Reading to learn, reading to smile... I learned & smiled a lot ;) Almost embarrassed to write that I had no knowledge of this rich (double entendre don't even ask me how) Philadelphia history. Looking for more information on Cumberland “Cap” Posey and the Pittsburgh Courier. That be' the learning part.
This is such a great example of why I love reading - sometimes you just can't tell what you're going to get out of a book. I picked this one up because of its Pittsburgh theme but the stories turn out to be absolutely global.
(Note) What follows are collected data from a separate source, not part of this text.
Lemma zpoint_dist_le x p : enorm (p - xb) <= enorm (x - xb) ->
  enorm (zpoint gam lam x p - xb) <= enorm (x - xb).
Proof.
move=> px; have {1}-> : xb = zpoint gam lam xb xb by apply/rowP => i; rewrite !mxE; ring.
rewrite zpointB; apply: le_trans (enorm_conv _ _ _) _; first by rewrite ratio_ge0.
have : (1 - gam / lam) * enorm (p - xb) <= (1 - gam / lam) * enorm (x - xb).
  by rewrite ler_wpM2l // subr_ge0.
lra.
Qed.

Lemma zpoint_gradient x p : gam^-1 *: (zpoint gam lam x p - p) = lam^-1 *: (x - p).
Proof. by apply/rowP => i; rewrite !mxE; field; rewrite !gt_eqF. Qed.

Lemma prox_zpoint x p : cball xb delta x -> prox lam f x p ->
  cball xb delta (zpoint gam lam x p) -> prox gam f (zpoint gam lam x p) p.
Proof.
move=> bx px bz; apply: standing_fact_prox_transfer SFl SFg bx bz _ px.
by rewrite zpoint_gradient.
Qed.

Lemma gradient_zpoint x p : cball xb delta x -> prox lam f x p ->
  cball xb delta (zpoint gam lam x p) ->
  is_gradient (moreau gam f) (zpoint gam lam x p) (lam^-1 *: (x - p)).
Proof.
move=> bx px bz; case: SFg => _ _ _ grad.
by rewrite -zpoint_gradient; apply: grad bz (prox_zpoint bx px bz).
Qed.

Lemma prox_dist_le x p : cball xb delta x -> prox lam f x p ->
  cball xb delta (zpoint gam lam x p) -> enorm (p - xb) <= enorm (x - xb).
Proof.
move=> bx px bz.
have := convex_gradient_monotone e_gam_convex (cballxx _ delta_ge0) bz
  (standing_fact_gradient_center delta_ge0 xb_critical SFg) (gradient_zpoint bx px bz).
rewrite subr0; set g := lam^-1 *: (x - p); set u := zpoint gam lam x p - xb => mono.
have -> : x - xb = u + (lam - gam) *: g.
  by apply/rowP => i; rewrite !mxE; field; rewrite gt_eqF.
have -> : p - xb = u + (- gam) *: g.
  by apply/rowP => i; rewrite !mxE; field; rewrite gt_eqF.
rewrite enorm_le_sq !enormDZ_sq (dotvC u g).
have : 0 <= lam * (lam - 2 * gam) * enorm g ^+ 2.
  by rewrite mulr_ge0 ?sqr_ge0 // mulr_ge0 ?ltW // subr_gt0.
have : 0 <= lam * dotv g u by rewrite mulr_ge0 // ltW.
by lra.
Qed.

Lemma prox_dist_le_propagate y y' p :
  cball xb beta y -> cball xb beta y' ->
  (1 + (1 - lam * rho)^-1) * enorm (y' - y) <= delta - beta ->
  prox lam f y p -> enorm (p - xb) <= enorm (y - xb) ->
  exists2 p', prox lam f y' p' & enorm (p' - xb) <= enorm (y' - xb).
Proof.
have beta_le : beta <= delta by exact: ltW.
move=> by_ by' small py py_le; case: (SFl) => ex lip _ _.
have [p' prox_p'] := ex y' (cball_le beta_le by').
have py' : prox lam f y' p' by rewrite prox_p'.
exists p' => //; apply: (prox_dist_le (cball_le beta_le by') py').
have := lip _ _ _ _ (cball_le beta_le by') (cball_le beta_le by_) py' py.
have := enorm_zpointB y' p' y p; have := zpoint_dist_le py_le.
have := enorm_triangle (zpoint gam lam y' p') (zpoint gam lam y p) xb.
by rewrite /cball /=; move: small (by_ : enorm (y - xb) <= beta); lra.
Qed.

Lemma exists_prox_dist_le x : cball xb beta x ->
  exists2 p, prox lam f x p & enorm (p - xb) <= enorm (x - xb).
Proof.
move=> bx; set K := (1 - lam * rho)^-1.
have K_gt0 : 0 < K by rewrite invr_gt0 subr_gt0 -ltr_pdivlMr // div1r.
pose P y := exists2 p, prox lam f y p & enorm (p - xb) <= enorm (y - xb).
apply: (@segment_continuation _ _ P xb x ((delta - beta) / (1 + K))).
- by rewrite divr_gt0 ?subr_gt0 //; lra.
- exists xb; first exact: (standing_fact_prox_center delta_ge0 xb_critical SFl).
  by rewrite subrr enorm0.
move=> s t s0 st t1 step [p px pxb].
have s01 : 0 <= s <= 1 by rewrite s0; lra.
have t01 : 0 <= t <= 1 by apply/andP; split; lra.
apply: prox_dist_le_propagate (cball_segment s01 bx) (cball_segment t01 bx) _ px pxb.
have -> : xb + t *: (x - xb) - (xb + s *: (x - xb)) = (t - s) *: (x - xb).
  by apply/rowP => i; rewrite !mxE; ring.
by rewrite enormZ ger0_norm ?subr_ge0 // mulrC -ler_pdivlMr // addr_gt0.
Qed.

Lemma step_a_exists x : cball xb beta x -> exists z, step_a f xb delta gam lam x z.
Proof.
move=> bx; have [p px pxb] := exists_prox_dist_le bx.
have bz : cball xb beta (zpoint gam lam x p) by apply: le_trans (zpoint_dist_le pxb) bx.
exists (zpoint gam lam x p); split; first exact: le_lt_trans bz beta_delta.
exists (lam^-1 *: (x - p)); split.
  exact: gradient_zpoint (cball_le (ltW beta_delta) bx) px (cball_le (ltW beta_delta) bz).
by apply/rowP => i; rewrite !mxE; field; rewrite gt_eqF.
Qed.

Lemma step_a_prox x z : cball xb beta x -> step_a f xb delta gam lam x z ->
  prox lam f x = [set z - (gam / (lam - gam)) *: (x - z)] /\
  cball xb beta (z - (gam / (lam - gam)) *: (x - z)).
Proof.
move=> bx [oz [g [gz ez]]].
have bxd := cball_le (ltW beta_delta) bx; have bzd := oball_cball oz.
have lam_gam : lam - gam != 0 by rewrite gt_eqF // subr_gt0; move: gam_gt0 gam_lam; lra.
case: (SFg) => ex _ _ grad.
have [q prox_q] := ex z bzd; have pzq : prox gam f z q by rewrite prox_q.
have g_eq : g = gam^-1 *: (z - q) := is_gradient_unique gz (grad _ _ bzd pzq).
have x_eq : x = z + (lam - gam) *: (gam^-1 *: (z - q)) by rewrite -g_eq ez subrK.
have -> : z - (gam / (lam - gam)) *: (x - z) = q.
  by rewrite x_eq; apply/rowP => i; rewrite !mxE; field; rewrite lam_gam gt_eqF.
have pxq : prox lam f x q.
  apply: (standing_fact_prox_transfer SFg SFl bzd bxd _ pzq).
  by rewrite x_eq; apply/rowP => i; rewrite !mxE; field; rewrite !gt_eqF.
have z_eq : zpoint gam lam x q = z.
  by rewrite x_eq; apply/rowP => i; rewrite !mxE; field; rewrite !gt_eqF.
split; first exact: standing_fact_prox_eq SFl bxd pxq.
by apply: le_trans (prox_dist_le bxd pxq _) bx; rewrite z_eq.
Qed.

End AlgorithmStep.

Lemma telescoping_series_lt_pinfty {R : realType} (d F : nat -> R) (c m : R) :
  (forall k, 0 <= d k) -> (forall k, m <= F k) -> 0 <= c ->
  (forall k, d k.+1 <= c * (F k - F k.+1)) ->
  (\sum_(0 <= k <oo) (d k)%:E < +oo)%E.
Proof.
move=> d_ge0 F_ge c_ge0 d_le.
have partial N : \sum_(0 <= k < N.+1) d k + c * F N <= d 0%N + c * F 0%N.
  elim: N => [|N IH]; first by rewrite big_nat1.
  by rewrite big_nat_recr //=; have := d_le N; lra.
apply: (@le_lt_trans _ _ (d 0%N + c * (F 0%N - m))%:E); last exact: ltry.
apply: lime_le; first by apply: is_cvg_ereal_nneg_natsum => k _; rewrite lee_fin.
apply: nearW => N; rewrite sumEFin lee_fin.
have : \sum_(0 <= k < N) d k <= \sum_(0 <= k < N.+1) d k.
  by rewrite big_nat_recr //= lerDl.
have := partial N; have : c * m <= c * F N by rewrite ler_wpM2l.
lra.
Qed.

Unset Implicit Arguments.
Centered around the Pittsburgh Courier, an early 20th century African-American weekly newspaper, the reader goes where the reporters go and that turns out to be not only the local clubs of the Hill where Billy Strayhorn, Lena Horne, and Billy Eckstine played and the ballgames of the Homestead Grays and Pittsburgh Crawfords, but also the Detroit boxing ring of Joe Louis, spring training with Jackie Robinson in Florida and New York, road building with World War 2 crews in Burma and a lot that I'm not even remembering right now.
Meanwhile, the story of the Courier is woven throughout; its financing issues, the publication rivalries, the reporters and editors who made the paper happen every week.
This is an incredible historical portrait of some truly remarkable Americans with a focus on their achievements despite the well-known obstacles in place throughout most of the 1900s.
I have to comment on the "sports" part of this - I am not a fan in any way, shape, or form, but the history of the Pittsburgh Negro Leagues and the heavyweight fights of Joe Louis were absolutely fascinating. These aren't chapters of play-by-play games but an intense study of the personalities and the politics surrounding baseball and boxing (and how it speaks to the overall climate) at that time. Completely absorbing.
I'd recommend this for any 20th c. history fan - you're bound to learn something new.
I really enjoyed this book about the Black Renaissance in Pittsburgh in the early 20th century. It’s a great story, one that was long overdue to be told. I’ve lived in Pittsburgh all my life and knew only vaguely what an outsized influence Pittsburgh’s black community had in the early decades of the last century. Many jazz greats came from Pittsburgh or had roots here. The Pittsburgh Courier was for decades the most influential black-run newspaper in the country, and was instrumental in both integrating major-league baseball and in the Civil Rights movement of the 1950s. The story of the decline of the Hill District, which I did already know, was also told. The author focuses on influential individuals, such as Courier owner and editor Robert Vann an Pittsburgh’s first black industrialist, Cumberland Posey. I think my favorite chapter was the one about Evelyn Cunningham, the fashionable female black reporter who got tired of writing about tea parties and PTA meetings and perceived early on how important the Civil Rights movement would be. The stories are very well-told; the characters vivid and mostly admirable, but even the numbers runners and drunks are portrayed colorfully and with compassion. Like my reviews? Check out my blog at http://www.kathrynbashaar.com/blog/ Author of The Saint's Mistress: https://www.bing.com/search?q=amazon....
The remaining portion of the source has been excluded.